As a mega-event flagship project, Shanghai Expo is a dual strategy not only concretizing event function but also propelling urban transformation [15, 16]. For Shanghai municipal government, Expo’s urban-related impacts are far reaching to shape Shanghai’s track towards global metropolis. This mega-event project is strategically incorporated into Shanghai’s discourse of urban renewal which underscores the transition of manufacturing to service industries and dilapidated residence to luxury gated communities, so as to accumulate urban wealth at a faster rate. Manufacture industry plays an important role in Shanghai’s economic growth and has occupied a great proportion of land in central city. The proportion of added value of secondary industry has accounted for more than 50% for a long time and had stabilized at 50% from 1999 to 2003. The concern is that in metropolises at apex of urban hierarchy such as New York, London, and Tokyo, ratio of secondary industry is much lower with a high proportion of tertiary industry.1 Similar comparison of population density in central area also suggests that Shanghai has a higher density than Tokyo, and much higher than New York and London.2 As policy makers in aspiring cities, particularly in Asian cities, are enthusiastically addicting to the race to the summit of “world-class” cities by intercity referencing and rivalry [17], they habitually juxtapose Shanghai and top global cities according to the quantitative index.
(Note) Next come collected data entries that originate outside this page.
Lemma cut_arcE a b : is_cut_arc E a b = E a b && ~~ connect (adj_minus E a b) a b.
Proof.
rewrite /is_cut_arc; congr (_ && ~~ _); apply/forallP/idP => [/(_ a)/forallP/(_ b) //| ab].
move=> x; apply/forallP => y; apply: connect_sub (adj_connect x y) => s t st.
have [/orP[]/andP[/eqP-> /eqP->] // | nab] :=
  boolP (((s == a) && (t == b)) || ((s == b) && (t == a))).
  by rewrite (sym_connect_sym (adj_minusC a b)).
by apply: connect1; rewrite /adj_minus st nab.
Qed.

(* A third vertex of the gall links a and b while avoiding each of them in turn. *)
Lemma cut_arc_notin_gall a b C :
  is_cut_arc E a b -> is_gall E C -> a \in C -> b \in C -> False.
Proof.
rewrite cut_arcE => /andP[Eab /negP cut] gC aC bC; apply: cut.
have nC := block_nonseparable (gall_block gC).
have ab := arc_neq acyclic_asym Eab.
have [w wC] := card_gt2_notin2 a b (gall_card_gt2 acyclic_asym gC).
rewrite !inE negb_or => /andP[wa wb].
have avoid v u1 u2 : v \in [set a; b] -> connect (adj_in E (C :\ v)) u1 u2 ->
    connect (adj_minus E a b) u1 u2.
  move=> vab; apply: connect_sub => s t /and3P[/setD1P[sv _] /setD1P[tv _] st].
  apply: connect1; rewrite /adj_minus st /=.
  by case/set2P: vab => <-; rewrite (negbTE sv) (negbTE tv) ?andbF.
have /connected_inP cCb := nonseparable_connectedD1 b nC.
have /connected_inP cCa := nonseparable_connectedD1 a nC.
apply: (@connect_trans _ _ w); [apply: (avoid b) | apply: (avoid a)]; rewrite ?set21 ?set22 //.
  by apply: cCb; rewrite !inE ?aC ?wC ?ab ?wb.
by apply: cCa; rewrite !inE ?bC ?wC ?wa ?(eq_sym b) ?ab.
Qed.

Lemma noncut_arc_gall a b : E a b -> ~~ is_cut_arc E a b ->
  exists2 B, is_gall E B & forall C, is_gall E C -> (a \in C) && (b \in C) = (C == B).
Proof.
move=> Eab; rewrite cut_arcE Eab negbK => /connectP[p0 P0].
case: (shortenP P0) => p P Up _ L {P0}.
have ab := arc_neq acyclic_asym Eab.
have p2 : 1 < size p.
  case: p P L {Up} => [|y [|//]] /=; first by move=> _ eab; rewrite eab eqxx in ab.
  by move=> + eyb; rewrite -eyb /adj_minus !eqxx /= andbF.
have Cp : cycle (adj E) (a :: p).
  by rewrite /= rcons_path -L /adj Eab orbT andbT; apply: sub_path P => s t /andP[].
have [B gB pB] := cycle_sub_gall acyclic_asym Up Cp p2.
have aB : a \in B by rewrite pB ?mem_head.
have bB : b \in B by rewrite pB // L mem_last.
exists B => // C gC; apply/andP/eqP => [[aC bC]|-> //].
exact: block_eq (gall_block gC) (gall_block gB) ab aC bC aB bB.
Qed.

Lemma card_noncut_arcs :
  #|[set p : V * V | E p.1 p.2 && ~~ is_cut_arc E p.1 p.2]| =
  \sum_(C | is_gall E C) n_edges_in E C.
Proof.
rewrite [RHS]sum_card_exchange -sum_nat_of_boolT; apply: eq_bigr => [[a b]] _ /=.
have [Eab /=|_] := boolP (E a b); last by apply/esym/eq_card0 => C; rewrite !inE andbF.
have [cut|ncut] := boolP (is_cut_arc E a b).
  apply/esym/eq_card0 => C; rewrite !inE /=.
  by apply/and3P => -[gC aC bC]; apply: cut_arc_notin_gall cut gC aC bC.
have [B gB uB] := noncut_arc_gall Eab ncut.
rewrite /= -(cards1 B); apply: eq_card => C; rewrite !inE.
have [->|nCB] := eqVneq C B; first by rewrite gB (uB B gB) eqxx.
by apply/esym/and3P => -[gC aC bC]; move: nCB; rewrite -(uB C gC) aC bC.
Qed.

Lemma leaf_arc_cut p l : is_leaf E l -> E p l -> is_cut_arc E p l.
Proof.
move=> Ll Epl; have [q Eq] := leaf_parent Ll; move: (Epl); rewrite Eq => /eqP eqpq.
rewrite cut_arcE Epl (sym_connect_sym (adj_minusC p l)); apply/negP => /connect_neq_step.
have lp : l != p by rewrite eq_sym (arc_neq acyclic_asym).
case/(_ lp) => u; rewrite /adj_minus /adj (leaf_out _ Ll) Eq eqpq /=.
by case/andP => /eqP ->; rewrite !eqxx orbT.
Qed.

Lemma card_cut_arcs : #|[set p : V * V | is_cut_arc E p.1 p.2]| = c_N E + #|leaves E|.
Proof.
rewrite -(cardsID [set p : V * V | ~~ is_leaf E p.2]); congr (_ + _).
  by apply: eq_card => p; rewrite !inE andbC.
rewrite -(@card_in_imset _ _ snd); last first.
  move=> [a l] [a' l']; rewrite !inE /= !negbK => /andP[Ll /andP[Eal _]] /andP[_ /andP[Eal' _]].
  move=> /= eql; subst l'; have [q Eq] := leaf_parent Ll.
  by move: Eal Eal'; rewrite !Eq => /eqP-> /eqP->.
apply: eq_card => l; rewrite [in RHS]inE; apply/imsetP/idP => [[[a l']]|Ll].
  by rewrite !inE negbK => /andP[Ll' _] ->.
have [p Ep] := leaf_parent Ll; exists (p, l) => //.
by rewrite !inE negbK Ll leaf_arc_cut // Ep.
Qed.

Hypothesis root_outdeg : outdeg E r = 2.
Hypothesis vertex_kinds : forall v, v != r -> [|| is_leaf E v, is_split E v | is_hybrid E v].

Lemma degree_balance v :
  2 * indeg E v + 2 * (v == r) = outdeg E v + 2 * is_leaf E v + 3 * is_hybrid E v.
Proof.
have [->|vr] := eqVneq v r; first by rewrite /is_leaf /is_hybrid root_indeg root_outdeg.
by case/or3P: (vertex_kinds vr) => /andP[/eqP i /eqP o]; rewrite /is_leaf /is_hybrid i o.
Qed.

Lemma indeg_le v : indeg E v + (v == r) <= 1 + is_hybrid E v.
Proof.
have [->|vr] := eqVneq v r; first by rewrite /is_hybrid root_indeg.
by case/or3P: (vertex_kinds vr) => /andP[/eqP i /eqP o]; rewrite /is_hybrid i o.
Qed.

Lemma outdeg_nonleaf v : ~~ is_leaf E v -> outdeg E v + is_hybrid E v = 2.
Proof.
have [->|vr] := eqVneq v r; first by rewrite /is_leaf /is_hybrid root_indeg root_outdeg.
by case/or3P: (vertex_kinds vr) => /andP[/eqP i /eqP o]; rewrite /is_leaf /is_hybrid i o.
Qed.

Lemma card_arcs_degree :
  #|arcs_between E setT setT| + 2 = 2 * #|leaves E| + 3 * #|[set v | is_hybrid E v]|.
Proof.
have sumT F : \sum_(v in [set: V]) F v = \sum_v F v by apply: eq_bigl => v; rewrite inE.
have : \sum_v (2 * indeg E v + 2 * (v == r)) =
    \sum_v (outdeg E v + 2 * is_leaf E v + 3 * is_hybrid E v).
  by apply: eq_bigr => v _; apply: degree_balance.
have root1 : #|[set v | v == r]| = 1 by rewrite -(cards1 r); apply: eq_card => v; rewrite !inE.
rewrite !big_split /= !big1_eq !sum_nat_of_boolT -!sumT sum_indeg sum_outdeg root1 /leaves.
set A := #|arcs_between _ _ _|; lia.
Qed.

Lemma hybrid_parents h : is_hybrid E h -> exists p1 p2 c,
  [/\ p1 != p2, forall u, E u h = (u == p1) || (u == p2) & forall w, E h w = (w == c)].
Proof.
case/andP=> /eqP in2 /card1P[c Ec].
have /cards2P[p1 [p2 [p12 Ep]]] : #|[set u | E u h]| == 2.
  by rewrite -in2; apply/eqP/eq_card => u; rewrite !inE.
exists p1, p2, c; split=> [// | u | w]; last by move: (Ec w); rewrite !inE.
by move/setP/(_ u): Ep; rewrite !inE.
Qed.

(* A root path through h would make h an ancestor of its own parent p. *)
Lemma root_connect_avoid_hybrid h p : is_hybrid E h -> E p h ->
  connect (adj_in E (~: [set h])) r p.
Proof.
move=> Hh Eph; have /connectP[q P pq] := root_connect p; rewrite pq.
apply: path_connect_adj_in (sub_path (@subrel_adj _ E) P) _ _ (mem_last r q).
move=> z zq; rewrite !inE; apply: contraNneq (acyclicE Eph) => zh; subst z.
move: zq; rewrite inE => /predU1P[hr | hq].
  by move: Hh; rewrite hr /is_hybrid root_indeg.
rewrite pq; case/splitPr: hq P => q1 q2; rewrite cat_path last_cat /= => /and3P[_ _ P2].
by apply/connectP; exists q2.
Qed.

(* The two parents of h are linked avoiding h, which closes a cycle through h. *)
Lemma hybrid_gall h : is_hybrid E h ->
  exists2 B, is_gall E B & forall C, is_gall E C -> (h \in C) = (C == B).
Proof.
move=> Hh; have [p1 [p2 [c [p12 Ep Ec]]]] := hybrid_parents Hh.
have Ep1h : E p1 h by rewrite Ep eqxx.
have Ep2h : E p2 h by rewrite Ep eqxx orbT.
have hp1 : h != p1 by rewrite eq_sym (arc_neq acyclic_asym).
have hp2 : h != p2 by rewrite eq_sym (arc_neq acyclic_asym).
have /connectP[q0 P0 L0] : connect (adj_in E (~: [set h])) p1 p2.
  apply: connect_trans (root_connect_avoid_hybrid Hh Ep2h).
  by rewrite connect_adj_inC root_connect_avoid_hybrid.
case: (shortenP P0) L0 => {q0 P0} q P Uq _ L.
have hq : h \notin p1 :: q.
  by rewrite inE negb_or hp1; apply/negP => /(path_adj_in_sub P); rewrite !inE eqxx.
have Cq : cycle (adj E) [:: h, p1 & q].
  by rewrite /= rcons_path -L (sub_path (@subrel_adj_in _ E _) P) adjC !subrel_adj.
have q3 : 2 < size [:: h, p1 & q].
  by case: q L {Uq hq Cq P} => //= p2p1; rewrite p2p1 eqxx in p12.
have Uc : uniq [:: h, p1 & q] by rewrite cons_uniq hq Uq.
have [B gB qB] := cycle_sub_gall acyclic_asym Uc Cq q3.
have hB : h \in B by rewrite qB ?mem_head.
exists B => // C gC; apply/idP/eqP => [hC | -> //].
have same_block u : h != u -> u \in C -> u \in B -> C = B.
  by move=> hu uC; apply: block_eq (gall_block gC) (gall_block gB) hu hC uC hB.
have [p1C | p1C] := boolP (p1 \in C).
  by apply: same_block hp1 p1C _; rewrite qB ?inE ?eqxx ?orbT.
have [p2C | p2C] := boolP (p2 \in C).
  by apply: same_block hp2 p2C _; rewrite qB // L inE mem_last orbT.
have nC := block_nonseparable (gall_block gC).
have := nonseparable_nbr_in acyclic_asym nC (gall_card_gt2 acyclic_asym gC) hC.
rewrite ltnNge => /negP; case; rewrite -(cards1 c); apply: subset_leq_card.
apply/subsetP => u; rewrite !inE /adj Ec Ep => /andP[uC].
by case/or3P => // /eqP eu; subst u; [rewrite uC in p1C | rewrite uC in p2C].
Qed.

Lemma card_arcs_cut_noncut : #|arcs_between E setT setT| =
  #|[set p : V * V | is_cut_arc E p.1 p.2]| +
  #|[set p : V * V | E p.1 p.2 && ~~ is_cut_arc E p.1 p.2]|.
Proof.
rewrite -(cardsID [set p : V * V | is_cut_arc E p.1 p.2]); congr (_ + _); apply: eq_card => p;
  by rewrite !inE /is_cut_arc; case: (E p.1 p.2); rewrite ?andbT.
Qed.

Lemma root_or_entering (C : {set V}) : C != set0 ->
  (r \in C) || (0 < #|arcs_between E (~: C) C|).
Proof.
case/set0Pn => v vC; have [//|rC /=] := boolP (r \in C).
have /connectP[q P vq] := root_connect v; rewrite vq in vC.
have [a [b [Eab aC bC]]] := path_enter P rC vC.
by apply/card_gt0P; exists (a, b); rewrite !inE Eab aC bC.
Qed.

Lemma gall_no_leaf C v : is_gall E C -> v \in C -> ~~ is_leaf E v.
Proof.
move=> gC vC; apply/negP => Lv; have nC := block_nonseparable (gall_block gC).
have := nonseparable_nbr_in acyclic_asym nC (gall_card_gt2 acyclic_asym gC) vC.
by rewrite ltnNge leaf_nbr_in.
Qed.

Hypothesis level1 : forall S, is_block E S -> #|[set v in S | is_hybrid E v]| <= 1.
In the narrative of Shanghai master plan (1999–2020), the site of Expo 2010 is considered a catalyst to optimize the structure of metropolis where socio-demography and industries are unevenly distributed. The change of site selection from Chuansha (now the Disneyland location) to Huangpu Riverside well captures the intention of Shanghai municipal government (Figure 1). In the initial, Chuansha located in the suburb of Pudong was proposed to facilitate urban expansion. But the site on the edge of central area along the Huangpu Riverside was finally chosen because of its particular significance for urban renewal. Shanghai as the birthplace of China’s modern industry has left fertile traditional industrial resources. The industrial dock with dense area of factories along the southern extension of Huangpu River was once intractable for local bureau, not only because it undermines entrepreneurial image hindering investment but also because it inlaid involute interests that postpone the relocation and demolition. The site of Expo 2010 was selected in between Nanpu and Lupu Bridge on the Huangpu riverside, which aimed to promote urban renewal in central area by event-led relocation. Apparently, the municipal government determined to strategize Expo site to unravel Shanghai’s development dilemmas (Figure 2). A tiny part of the site is in Puxi, whereas the major part is in Pudong. The entire planned area is 6.68 km2, with 5.28 km2 construction area and 1.4 km2 preserved residential areas. As informed by an interviewee,3 26.2% of all the land use was residential housing, and 62% were industries and warehouses. The old industrial base not only represents the epitome of China’s footprints to modernization, but also tracks the labyrinthian post-industrial trajectory of Shanghai.

Figure 1.

Site selection of shanghai Expo 2010: from Chuansha to Nanpu and Lupu. Source: Author.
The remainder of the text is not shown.